BEGIN DATA FOR THE TASK
(* Let $n\ge 3$ and let $r=(r_1,\dots,r_n)$ be positive real numbers such that $2r_j\le \sum_{i=1}^n r_i$ for every $j$ and $r_1\pm r_2\pm\cdots\pm r_n\neq 0$ for every choice of signs. Let ${\cal U}_r=\{U=(u_1,\dots,u_n)\in (S^4)^n : \sum_{i=1}^n r_iu_i=0\}$, where $S^4\subset\mathbb{R}^5$ is the unit sphere, with $SO(5)$ acting diagonally. Then every degenerate $U\in{\cal U}_r$ is of type $2$ or of type $3$; that is, if the stabilizer of $U$ in $SO(5)$ is nontrivial, then it is a subgroup isomorphic to $SO(2)$ or to $SO(3)$.
   Context: An element $U\in{\cal U}_r$ (equivalently the closed polygon in $\mathbb{R}^5$ with edge vectors $r_iu_i$) is called degenerate if its stabilizer under the diagonal $SO(5)$-action is a nontrivial subgroup of $SO(5)$. A degenerate polygon is of type $k$ if its stabilizer is a subgroup $H_k\subseteq SO(5)$ isomorphic to $SO(k)$. *)

From HB Require Import structures.
From mathcomp Require Import all_boot all_order all_algebra.
From mathcomp Require Import reals.
Set Implicit Arguments. Unset Strict Implicit. Unset Printing Implicit Defensive.
Import Order.TTheory GRing.Theory Num.Theory.
Local Open Scope ring_scope.

Definition SOmx (R : realType) (k : nat) : pred 'M[R]_k :=
  fun A => (A^T *m A == 1%:M) && (\det A == 1).

Definition S4 (R : realType) : pred 'cV[R]_5 :=
  fun u => \sum_(j < 5) u j 0 ^+ 2 == 1.

Definition in_Ur (R : realType) (n : nat) (r : 'I_n -> R)
  (U : 'I_n -> 'cV[R]_5) : Prop :=
  (forall i, U i \in @S4 R) /\ \sum_(i < n) r i *: U i = 0.

Definition stab (R : realType) (n : nat) (U : 'I_n -> 'cV[R]_5) : pred 'M[R]_5 :=
  fun g => (g \in @SOmx R 5) && [forall i, g *m U i == U i].

Definition degenerate (R : realType) (n : nat) (U : 'I_n -> 'cV[R]_5) : Prop :=
  exists2 g, g \in stab U & g != 1%:M.

Definition iso_to_SO (R : realType) (k : nat) (H : pred 'M[R]_5) : Prop :=
  exists phi : 'M[R]_k -> 'M[R]_5,
    [/\ {in @SOmx R k, forall A, phi A \in H},
        {in @SOmx R k &, injective phi},
        {in H, forall g, exists2 A, A \in @SOmx R k & phi A = g} &
        {in @SOmx R k &, forall A B, phi (A *m B) = phi A *m phi B}].

Definition of_type (R : realType) (n : nat) (U : 'I_n -> 'cV[R]_5) (k : nat) : Prop :=
  iso_to_SO k (stab U).

(* Let W be the span of the u_i.  A rotation fixes every u_i iff it is the
   identity on W and a rotation of the orthogonal complement W^⊥; in
   orthonormal bases of W and W^⊥ (Gram-Schmidt) this identifies the
   stabilizer with SO(k), k = 5 - dim W.  A nontrivial stabilizer forces
   k >= 2, as SO(0) and SO(1) are trivial.  The u_i are unit vectors, so
   dim W >= 1, and dim W = 1 would give u_i = ±e for one unit vector e, hence
   r_1 ± r_2 ± ... ± r_n = 0, which is excluded; so k <= 3. *)

From HB Require Import structures.
From mathcomp Require Import all_boot all_order all_algebra.
From mathcomp Require Import reals.
From mathcomp Require Import zify.
Set Implicit Arguments.
Unset Strict Implicit.
Unset Printing Implicit Defensive.

Import Order.TTheory GRing.Theory Num.Theory.
Local Open Scope ring_scope.

Section OrthonormalFrames.
Variables (R : rcfType) (N : nat).

Lemma orthogonal_sym p q (B : 'M[R]_(p, N)) (C : 'M[R]_(q, N)) :
  B *m C^T = 0 -> C *m B^T = 0.
Proof. by move=> BC; rewrite -[C *m _]trmxK trmx_mul trmxK BC trmx0. Qed.

Lemma orthonormal_col_mx p q (B : 'M[R]_(p, N)) (C : 'M[R]_(q, N)) :
  B *m B^T = 1%:M -> C *m C^T = 1%:M -> B *m C^T = 0 ->
  col_mx B C *m (col_mx B C)^T = 1%:M.
Proof.
move=> BB CC BC; rewrite tr_col_mx mul_col_row BB CC BC (orthogonal_sym BC).
by rewrite -scalar_mx_block.
Qed.

Lemma orthonormal_rank p (B : 'M[R]_(p, N)) : B *m B^T = 1%:M -> \rank B = p.
Proof.
move=> BB; apply/eqP; rewrite eqn_leq rank_leq_row /=.
by rewrite -{1}(mxrank1 R p) -BB mxrankM_maxl.
Qed.

Lemma tr_orthonormal_sq p (Q : 'M[R]_(p, N)) :
  p = N -> Q *m Q^T = 1%:M -> Q^T *m Q = 1%:M.
Proof. by move=> pN; subst p; apply: mulmx1C. Qed.

Lemma det_orthonormal_conj p (Q : 'M[R]_(p, N)) (D : 'M[R]_p) :
  p = N -> Q *m Q^T = 1%:M -> \det (Q^T *m D *m Q) = \det D.
Proof.
move=> pN; subst p => QQ.
by rewrite !det_mulmx mulrAC [\det Q^T * _]mulrC -det_mulmx QQ det1 mul1r.
Qed.

Lemma row_orthonormal_proj p (B : 'M[R]_(p, N)) (v : 'rV[R]_N) :
  B *m B^T = 1%:M -> (v <= B)%MS -> v *m B^T *m B = v.
Proof.
by move=> BB /submxP[x ->]; rewrite -[x *m B *m _]mulmxA BB mulmx1.
Qed.

Lemma mulmx_tr_row_gt0 (v : 'rV[R]_N) : v != 0 -> 0 < (v *m v^T) 0 0.
Proof.
have sq_ge0 j : 0 <= v 0 j * v^T j 0 by rewrite mxE -expr2 sqr_ge0.
move=> v_neq0; rewrite mxE lt_def sumr_ge0 // andbT.
apply: contra v_neq0 => /eqP/psumr_eq0P-/(_ (fun j _ => sq_ge0 j)) v2_eq0.
apply/eqP/rowP => j; apply/eqP; rewrite mxE -sqrf_eq0 expr2.
by have := v2_eq0 j isT; rewrite mxE => ->.
Qed.

Lemma unit_row_scale (v : 'rV[R]_N) :
  v != 0 -> exists2 c : R, c != 0 & (c *: v) *m (c *: v)^T = 1%:M.
Proof.
move=> /mulmx_tr_row_gt0 s_gt0; set s := (v *m v^T) 0 0 in s_gt0.
exists (Num.sqrt s)^-1; first by rewrite invr_eq0 gt_eqF ?sqrtr_gt0.
rewrite linearZ /= -scalemxAl -scalemxAr scalerA [v *m _]mx11_scalar -/s.
by rewrite scale_scalar_mx -expr2 exprVn sqr_sqrtr ?ltW // mulVf ?gt_eqF.
Qed.

Lemma orthonormal_add_row p (B : 'M[R]_(p, N)) (a : 'rV[R]_N) :
  B *m B^T = 1%:M ->
  exists q (C : 'M[R]_(q, N)), C *m C^T = 1%:M /\ (C == col_mx a B)%MS.
Proof.
move=> BB; set v := a - a *m B^T *m B.
have vB : v *m B^T = 0.
  by rewrite /v mulmxBl -[_ *m B *m B^T]mulmxA BB mulmx1 subrr.
have [v0|v_neq0] := eqVneq v 0.
  have aB : (a <= B)%MS by rewrite -[a](subrK (a *m B^T *m B)) -/v v0 add0r submxMl.
  exists p, B; split => //.
  by rewrite col_mx_sub aB submx_refl -addsmxE addsmxSr.
have [c c_neq0 cv] := unit_row_scale v_neq0.
exists (1 + p)%N, (col_mx (c *: v) B); split.
  by apply: orthonormal_col_mx; rewrite // -scalemxAl vB scaler0.
apply/andP; rewrite -!addsmxE !addsmx_sub !addsmxSr !andbT; split.
  by rewrite scalemx_sub // addmx_sub_adds // eqmx_opp submxMl.
have -> : a = c^-1 *: (c *: v) + a *m B^T *m B by rewrite scalerA mulVf // scale1r subrK.
by apply: addmx_sub_adds; [apply/scalemx_sub/submx_refl | apply: submxMl].
Qed.

Theorem gram_schmidt m (A : 'M[R]_(m, N)) :
  exists q (C : 'M[R]_(q, N)), C *m C^T = 1%:M /\ (C == A)%MS.
Proof.
elim: m A => [|m IHm] A.
  by exists 0%N, A; split; [apply/matrixP => -[] | exact/eqmxP/eqmx_refl].
rewrite -[A](@vsubmxK _ 1 m); set a := usubmx _; set A' := dsubmx _.
have [q [C' [CC' /eqmxP C'A']]] := IHm A'.
have [q' [C [CC /eqmxP Ca]]] := orthonormal_add_row a CC'.
exists q', C; split => //; apply/eqmxP; apply: (eqmx_trans Ca).
apply: eqmx_trans (eqmx_sym (addsmxE a C')) (eqmx_trans _ (addsmxE a A')).
exact: adds_eqmx.
Qed.

Lemma orthonormal_compl d (B : 'M[R]_(d, N)) :
  B *m B^T = 1%:M ->
  exists k (C : 'M[R]_(k, N)), [/\ C *m C^T = 1%:M, B *m C^T = 0 & (d + k = N)%N].
Proof.
move=> BB; have [k [C [CC CK]]] := gram_schmidt (kermx B^T).
exists k, C; split => //.
  by apply: orthogonal_sym; apply/sub_kermxP; case/andP: CK.
have d_le_N : (d <= N)%N by rewrite -(orthonormal_rank BB) rank_leq_col.
have <- : (N - d)%N = k.
  by rewrite -(orthonormal_rank CC) (eqmx_rank CK) mxrank_ker mxrank_tr orthonormal_rank.
exact: subnKC.
Qed.

End OrthonormalFrames.

Lemma SOmxE (R : realType) k (A : 'M[R]_k) :
  (A \in @SOmx R k) = (A^T *m A == 1%:M) && (\det A == 1).
Proof. by []. Qed.

Section ComplementExtension.
Variables (R : realType) (N d k : nat) (B : 'M[R]_(d, N)) (C : 'M[R]_(k, N)).
Hypotheses (BBt : B *m B^T = 1%:M) (CCt : C *m C^T = 1%:M) (BCt : B *m C^T = 0)
  (dk : (d + k = N)%N).

Let QQt : col_mx B C *m (col_mx B C)^T = 1%:M.
Proof. exact: orthonormal_col_mx. Qed.

Lemma frame_resolution1 : B^T *m B + C^T *m C = 1%:M.
Proof. by rewrite -mul_row_col -tr_col_mx tr_orthonormal_sq. Qed.

Definition extend_compl (A : 'M[R]_k) : 'M[R]_N := B^T *m B + C^T *m A *m C.

Let extend_complE A :
  extend_compl A = (col_mx B C)^T *m block_mx 1%:M 0 0 A *m col_mx B C.
Proof.
by rewrite tr_col_mx mul_row_block mul_row_col !mulmx0 !mulmx1 addr0 add0r.
Qed.

Lemma extend_complK A : C *m extend_compl A *m C^T = A.
Proof.
rewrite mulmxDr mulmxDl !mulmxA (orthogonal_sym BCt) !mul0mx add0r CCt mul1mx.
by rewrite -mulmxA CCt mulmx1.
Qed.

Lemma extend_complM A A' :
  extend_compl (A *m A') = extend_compl A *m extend_compl A'.
Proof.
rewrite !extend_complE -!mulmxA (mulmxA (col_mx B C)) QQt mul1mx.
rewrite (mulmxA (block_mx _ _ _ A)) mulmx_block.
by rewrite !mulmx0 !mul0mx !mulmx1 !addr0 !add0r.
Qed.

Lemma trmx_extend_compl A : (extend_compl A)^T = extend_compl A^T.
Proof. by rewrite linearD /= !trmx_mul !trmxK mulmxA. Qed.

Lemma extend_compl1 : extend_compl 1%:M = 1%:M.
Proof. by rewrite /extend_compl mulmx1 frame_resolution1. Qed.

Lemma det_extend_compl A : \det (extend_compl A) = \det A.
Proof.
by rewrite extend_complE det_orthonormal_conj // det_ublock det1 mul1r.
Qed.

Lemma extend_compl_SO A : A \in @SOmx R k -> extend_compl A \in @SOmx R N.
Proof.
rewrite !SOmxE => /andP[/eqP AA /eqP dA].
by rewrite trmx_extend_compl -extend_complM AA extend_compl1 det_extend_compl dA !eqxx.
Qed.

Lemma extend_compl_fix A (u : 'cV[R]_N) : C *m u = 0 -> extend_compl A *m u = u.
Proof.
move=> Cu; rewrite mulmxDl -[C^T *m A *m C *m u]mulmxA Cu mulmx0 addr0.
by rewrite -{2}[u]mul1mx -frame_resolution1 mulmxDl -[C^T *m C *m u]mulmxA Cu mulmx0 addr0.
Qed.

Lemma extend_compl_restr g :
  g^T *m g = 1%:M -> g *m B^T = B^T -> extend_compl (C *m g *m C^T) = g.
Proof.
move=> gg gB.
have Bg : B *m g = B by rewrite -[B *m g]trmxK trmx_mul -{1}gB mulmxA gg mul1mx trmxK.
have gC : g *m C^T = C^T *m (C *m g *m C^T).
  rewrite -{1}[g]mul1mx -frame_resolution1 !mulmxDl -(mulmxA B^T B g) Bg.
  by rewrite -(mulmxA B^T B C^T) BCt mulmx0 add0r !mulmxA.
by rewrite /extend_compl -gC -{2}[g]mulmx1 -frame_resolution1 mulmxDr !mulmxA gB.
Qed.

Lemma restr_compl_SO g :
  g \in @SOmx R N -> g *m B^T = B^T -> C *m g *m C^T \in @SOmx R k.
Proof.
rewrite !SOmxE => /andP[/eqP gg /eqP dg] gB; have g_ext := extend_compl_restr gg gB.
rewrite -det_extend_compl g_ext dg eqxx andbT; apply/eqP.
set A := C *m g *m C^T.
by rewrite -(extend_complK (A^T *m A)) extend_complM -trmx_extend_compl g_ext gg mulmx1 CCt.
Qed.

End ComplementExtension.

Definition vecs_mx (T : Type) n N (U : 'I_n -> 'cV[T]_N) : 'M[T]_(n, N) :=
  \matrix_(i, j) U i j 0.

Lemma row_vecs_mx (T : Type) n N (U : 'I_n -> 'cV[T]_N) i :
  row i (vecs_mx U) = (U i)^T.
Proof. by apply/rowP => j; rewrite !mxE. Qed.

Lemma vecs_mx_fixed (R : comPzRingType) n N (U : 'I_n -> 'cV[R]_N) (g : 'M[R]_N) :
  (forall i, g *m U i = U i) -> vecs_mx U *m g^T = vecs_mx U.
Proof.
by move=> gU; apply/row_matrixP => i; rewrite row_mul row_vecs_mx -trmx_mul gU.
Qed.

Lemma S4_trmx_mul (R : realType) (u : 'cV[R]_5) : u \in @S4 R -> u^T *m u = 1%:M.
Proof.
rewrite unfold_in /S4 => /eqP u1; rewrite [u^T *m u]mx11_scalar mxE -u1.
by congr _%:M; apply: eq_bigr => j _; rewrite mxE expr2.
Qed.

Lemma signed_sum_neq0 (R : realFieldType) n (r c : 'I_n -> R) :
  (forall s : 'I_n -> bool, \sum_(i < n) (if s i then r i else - r i) != 0) ->
  (forall i, c i ^+ 2 = 1) -> \sum_(i < n) r i * c i != 0.
Proof.
move=> signs c2; suff -> : \sum_i r i * c i = \sum_i (if 0 < c i then r i else - r i) by [].
apply: eq_bigr => i _; have /eqP := c2 i; rewrite sqrf_eq1 => /orP[] /eqP ->.
  by rewrite ltr01 mulr1.
by rewrite ltr0N1 mulrN1.
Qed.

Lemma SOmx_le1 (R : realType) k (A : 'M[R]_k) :
  (k <= 1)%N -> A \in @SOmx R k -> A = 1%:M.
Proof.
case: k A => [|[|//]] A _; first by move=> _; apply/matrixP => -[].
by rewrite SOmxE [A]mx11_scalar det_scalar1 => /andP[_ /eqP ->].
Qed.

Lemma iso_to_SO_le1 (R : realType) k (H : pred 'M[R]_5) :
  (k <= 1)%N -> {subset H <= @SOmx R 5} -> iso_to_SO k H -> {in H, forall g, g = 1%:M}.
Proof.
move=> k_le1 H_SO [phi [phiH _ phi_onto phiM]] g Hg.
have SO1 : 1%:M \in @SOmx R k by rewrite SOmxE trmx1 mulmx1 det1 !eqxx.
have phi1 : phi 1%:M = 1%:M.
  have /H_SO := phiH _ SO1; rewrite SOmxE => /andP[/eqP phi1T _].
  have idem : phi 1%:M *m phi 1%:M = phi 1%:M by rewrite -phiM ?mulmx1.
  by rewrite -[LHS]mul1mx -phi1T -mulmxA idem.
by have [A /(SOmx_le1 k_le1) A1 <-] := phi_onto g Hg; rewrite A1.
Qed.

Lemma polygon_span_dim_gt1 (R : realType) n (r : 'I_n -> R) (U : 'I_n -> 'cV[R]_5)
    d (B : 'M[R]_(d, 5)) :
  (0 < n)%N ->
  (forall s : 'I_n -> bool, \sum_(i < n) (if s i then r i else - r i) != 0) ->
  in_Ur r U -> (forall i, B^T *m (B *m U i) = U i) -> (1 < d)%N.
Proof.
move=> n_gt0 signs [unitU sumU] UB.
have coord_unit i : (B *m U i)^T *m (B *m U i) = 1%:M.
  by rewrite trmx_mul -mulmxA UB S4_trmx_mul.
case: d B UB coord_unit => [|[|//]] B _ coord_unit.
  move: (coord_unit (Ordinal n_gt0)); rewrite [B *m _]flatmx0 mulmx0.
  by move/matrixP/(_ 0 0); rewrite !mxE => /eqP; rewrite eq_sym oner_eq0.
pose c i := (B *m U i) 0 0.
have c2 i : c i ^+ 2 = 1.
  move: (coord_unit i); rewrite [B *m U i]mx11_scalar -/(c i) tr_scalar_mx -scalar_mxM.
  by move/matrixP/(_ 0 0); rewrite !mxE /= mulr1n -expr2.
have /negP[] := signed_sum_neq0 signs c2.
suff -> : \sum_i r i * c i = \sum_i (B *m (r i *: U i)) 0 0.
  by rewrite -summxE -mulmx_sumr sumU mulmx0 mxE.
by apply: eq_bigr => i _; rewrite -scalemxAr mxE.
Qed.

Lemma stab_iso_SO_compl (R : realType) n (U : 'I_n -> 'cV[R]_5) d k
    (B : 'M[R]_(d, 5)) (C : 'M[R]_(k, 5)) :
  B *m B^T = 1%:M -> C *m C^T = 1%:M -> B *m C^T = 0 -> (d + k = 5)%N ->
  (B <= vecs_mx U)%MS -> (forall i, C *m U i = 0) -> of_type U k.
Proof.
move=> BB CC BC dk BU CU.
have fixB g : g \in stab U -> g *m B^T = B^T.
  case/andP=> _ /forallP gU.
  have gW : vecs_mx U *m g^T = vecs_mx U by apply: vecs_mx_fixed => i; apply/eqP.
  by have /submxP[X ->] := BU; rewrite trmx_mul mulmxA -[g *m _]trmxK trmx_mul trmxK gW.
exists (extend_compl B C); split.
- move=> A SOA; apply/andP; split; first exact: extend_compl_SO.
  by apply/forallP => i; rewrite extend_compl_fix.
- by move=> A A' _ _ eqA; rewrite -(extend_complK CC BC A) eqA extend_complK.
- move=> g stab_g; have /andP[SOg _] := stab_g; have gB := fixB g stab_g.
  exists (C *m g *m C^T); first exact: restr_compl_SO BB CC BC dk _ SOg gB.
  by apply: extend_compl_restr gB; case/andP: SOg => /eqP.
- by move=> A A' _ _; rewrite extend_complM.
Qed.

Theorem lemma2p3 (R : realType) (n : nat) (r : 'I_n -> R) :
  (3 <= n)%N ->
  (forall i, 0 < r i) ->
  (forall j, 2 * r j <= \sum_(i < n) r i) ->
  (forall s : 'I_n -> bool, \sum_(i < n) (if s i then r i else - r i) != 0) ->
  forall U : 'I_n -> 'cV[R]_5,
    in_Ur r U -> degenerate U -> of_type U 2 \/ of_type U 3.
Proof.
move=> n_ge3 _ _ signs U polyU [g stab_g g_neq1].
have [d [B [BB /andP[BW WB]]]] := gram_schmidt (vecs_mx U).
have [k [C [CC BC dk]]] := orthonormal_compl BB.
have UB i : B^T *m (B *m U i) = U i.
  have UiB : ((U i)^T <= B)%MS by rewrite -(row_vecs_mx U) (submx_trans (row_sub _ _) WB).
  by have := congr1 trmx (row_orthonormal_proj BB UiB); rewrite !trmx_mul !trmxK.
have CU i : C *m U i = 0 by rewrite -UB mulmxA (orthogonal_sym BC) mul0mx.
have iso : of_type U k := stab_iso_SO_compl BB CC BC dk BW CU.
have k_gt1 : (1 < k)%N.
  rewrite ltnNge; apply: contra g_neq1 => k_le1; apply/eqP.
  have stab_SO : {subset stab U <= @SOmx R 5} by move=> h /andP[].
  exact: iso_to_SO_le1 k_le1 stab_SO iso g stab_g.
have d_gt1 := polygon_span_dim_gt1 (leq_ltn_trans (leq0n 2) n_ge3) signs polyU UB.
have /orP[/eqP k2 | /eqP k3] : (k == 2) || (k == 3) by lia.
- by left; rewrite k2 in iso.
- by right; rewrite k3 in iso.
Qed.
END DATA FOR THE TASK
- _PROBLEM DETAILS_:
Retype only the lines above between the line with "Definition stab (R" and the line with "k &, forall", counting those two lines as well, and keep every character as it is.

- _EXERCISE OUTPUT_:
Definition stab (R : realType) (n : nat) (U : 'I_n -> 'cV[R]_5) : pred 'M[R]_5 :=
  fun g => (g \in @SOmx R 5) && [forall i, g *m U i == U i].

Definition degenerate (R : realType) (n : nat) (U : 'I_n -> 'cV[R]_5) : Prop :=
  exists2 g, g \in stab U & g != 1%:M.

Definition iso_to_SO (R : realType) (k : nat) (H : pred 'M[R]_5) : Prop :=
  exists phi : 'M[R]_k -> 'M[R]_5,
    [/\ {in @SOmx R k, forall A, phi A \in H},
        {in @SOmx R k &, injective phi},
        {in H, forall g, exists2 A, A \in @SOmx R k & phi A = g} &
        {in @SOmx R k &, forall A B, phi (A *m B) = phi A *m phi B}].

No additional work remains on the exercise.